Slowing Down to Go Faster

In getting this release ready, we took a number of shortcuts to get the job done. Now that the release is out, it may be worth reviewing some of these choices and investing some effort into doing them in more robust ways, to better support our continuing efforts along the many paths we've identified for future exploration. Some of these items that may be worth prioritizing in the near term include:

  • Incorporating the new benchmarking suite into development and CI workflows
  • Developing a core grammar aware tree traversal utility in Syntax Spec, to avoid the need for the nonterminal syntax property
  • Preserving source code and locations through expansion in Syntax Spec, for use in error reporting in the compiler, to avoid the need for the "de-expander"

... along with triaging the numerous "Next Steps" we've been carrying forward below!

Next Steps

(Some of these are carried over from last time)

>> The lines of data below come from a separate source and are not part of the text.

Lemma inner_faces_lift_cherry : inner_faces_lift par.
Proof.
apply: inner_faces_lift_of_lower => n i S L W E P psi hi hx hy hiso.
set M := nth L i :|: nth (pullback_parts S psi P n) i.
case: (boolP [&& c \in M, r \notin M & r \in S]) => hb; last first.
  by exists psi; split => //; apply: lowerH_cherry.
have [hL _ hb_merge _ _] := face_pullback hi hx hy hiso.
set A := pullback_parts S psi P n in M hb hb_merge.
have hsP : size P = n by case: hy.
have hA k : nth A k = S :&: psi @^-1: nth P k by apply: nth_pullback_parts.
move/and3P: hb => [hcM]; rewrite inE negb_or => /andP [hrLi hrAi] hrS.
have [hi1 hi2] := andP hi; have hl := layering_last hL.
have hleH X : lowerH par S X -> c \in X -> r \in X.
  by move=> hX hcX; apply: hX hcX _; apply/leH_cherry; right.
have hcLi : c \notin nth L i by apply: contra hrLi; apply/hleH/layer_lower.
have hbi : band L i.-1 = nth A i.-1 :|: nth A i.
  by rewrite -nth_bands // hb_merge nth_merge_parts ?size_map ?size_iota ?ltnn ?eqxx //; lia.
have hcL1 : c \in nth L i.-1.
  move: hcM; rewrite inE (negbTE hcLi) /= => hcA.
  have : c \in band L i.-1 by rewrite hbi inE hcA orbT.
  by rewrite inE => /andP [].
have hrL1 : r \in nth L i.-1 by apply/hleH/layer_lower: hcL1.
have hrc k : (r \in nth L k) = (c \in nth L k).
  case: (leqP k i.-1) => hk.
    by rewrite (subsetP (layer_subset hL hk) _ hrL1) (subsetP (layer_subset hL hk) _ hcL1).
  have /subsetP hsub : nth L k \subset nth L i by apply: layer_subset hL _; lia.
  by apply/idP/idP => /hsub; rewrite ?(negbTE hrLi) ?(negbTE hcLi).
have hST : S = setT.
  apply/setP => v; rewrite inE; case: (hall v) => -> //.
  exact: subsetP (layer_sub i.-1 hL) _ hcL1.
subst S; exists (psi \o swap_cherry); split; first exact: iso_graph_swap_cherry.
apply: lowerH_cherry; apply/negP => /and3P [+ _ _].
rewrite !inE (negbTE hcLi) nth_pullback_parts // !inE /= /swap_cherry (negbTE hcr).
by move: hrAi; rewrite hA !inE => /negP.
Qed.
(* For every integer $n\ge 3$, $$Kf^{*}(M_n)=\frac{3}{2}(n^{3}-n)+\frac{3\sqrt{3}\,n^{2}(p^{n}-q^{n})}{p^{n}+q^{n}+2}.$$ In particular $Kf^*(M_n)=9\,Kf(M_n)$.
   Context: For an integer $n\ge 3$, the Möbius polyomino network $M_n$ is the graph with vertex set $\{1,\dots,n\}\cup\{1',\dots,n'\}$ whose edges are $\{i,i+1\}$ and $\{i',(i+1)'\}$ for $1\le i\le n-1$, $\{i,i'\}$ for $1\le i\le n$, and the two edges $\{1,n'\}$ and $\{1',n\}$; it is $3$-regular with $2n$ vertices and $3n$ edges. $p=2+\sqrt3$, $q=2-\sqrt3$. For a connected graph $G$ with $m$ edges, the multiplicative degree-Kirchhoff index is $Kf^*(G)=\sum_{i<j}d_id_jr_{ij}$, where $d_i$ is the degree of vertex $i$ and $r_{ij}$ the resistance distance; equivalently $Kf^*(G)=2m\sum_{k=2}^{N}1/\lambda_k$ where $0=\lambda_1<\lambda_2\le\dots\le\lambda_N$ are the eigenvalues of the normalized Laplacian $D^{-1/2}(D-A)D^{-1/2}$. The Kirchhoff index is $Kf(G)=\sum_{i<j}r_{ij}$. *)

From mathcomp Require Import all_boot all_order all_algebra.
From mathcomp Require Import reals.
Set Implicit Arguments. Unset Strict Implicit. Unset Printing Implicit Defensive.
Import Order.TTheory GRing.Theory Num.Theory.
Local Open Scope ring_scope.

(* A finite simple graph on vertex set 'I_N, given by a symmetric
   irreflexive adjacency relation [adj]. *)
Section Graph.
Variables (R : realType) (N : nat) (adj : 'I_N -> 'I_N -> bool).

Definition deg (i : 'I_N) : nat := #|[set j | adj i j]|.

Definition laplacian : 'M[R]_N :=
  \matrix_(i, j) ((if i == j then (deg i)%:R else 0) - (adj i j)%:R).

(* Resistance distance r_ij: inject unit current at i, extract it at j;
   a potential x solves the Kirchhoff equations x L = e_i - e_j
   (L symmetric); r_ij = x_i - x_j.  The solution is obtained with the
   partial inverse [pinvmx] (for a connected graph e_i - e_j lies in the
   row space of L and the difference x_i - x_j does not depend on the
   chosen solution). *)
Definition resistance (i j : 'I_N) : R :=
  let x := (delta_mx 0 i - delta_mx 0 j : 'rV[R]_N) *m pinvmx laplacian in
  x 0 i - x 0 j.

Definition kirchhoff : R :=
  \sum_(i < N) \sum_(j < N | (i < j)%N) resistance i j.

Definition mult_deg_kirchhoff : R :=
  \sum_(i < N) \sum_(j < N | (i < j)%N) ((deg i * deg j)%:R * resistance i j).
End Graph.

  • Incorporate the new benchmark suite into the SDK (including Makefile targets) and CI workflows
  • Review whether we can continue optimizing a single syntax node at many levels (this is not a blocker)
  • Comprehensively review error messages in Qi
  • Add test cases for the backwards incompatibility on datum vs literal matching.
  • Investigate ways to extend the compiler (e.g. language composition or compiler macros) and use that to implement qi/list (deforesting racket/list) as a proof of concept.
  • Prototype and then propose map1 for addition to Racket.
  • Preserve the source syntax through expansion in Syntax Spec.
  • Review the use of contracts in deforestation.
  • Improve expander tests to compare expressions literally, using a test for alpha-equivalence.
  • Try unpublished expansion event APIs to implement hierarchical reporting of expansion in the compiler.
  • Implement streams for the other list operations described in St-Amour's writeup (i.e. unfoldr zip average). Note: implementing average might benefit from having "multi-valued CPS" for deforestation.
  • Find a way to reliably detect list-like operations on values.
  • Rewrite these list-like operations to list-based functional pipelines, e.g. (~> (-< (>< f) (>< g)) ...)
  • Generalize the stream implementation to support multiple values at each step (in addition to zero or one) and recheck the performance.
  • Review other core Qi combinators besides ~> (e.g. -<, == and ><, maybe if and pass) and see whether it would make sense to extend fusion to them.
  • Should Qi provide a map utility (overriding the default one) that supports "0 or more" values (as was discussed in the RacketCon talk)?
  • Design a core continuation form(s?) for Qi, and show how try can be implemented in terms of it.
  • Describe the sequence of compilation for input expressions with the optimizing compiler against the reference compiler, showing cases in which these do not terminate.
  • Come up with a methodology to formalize and theoretically validate compiler behavior.
  • Review other bindings cases that we could support next (e.g. selective binding, packing values, and binding exceptions in try).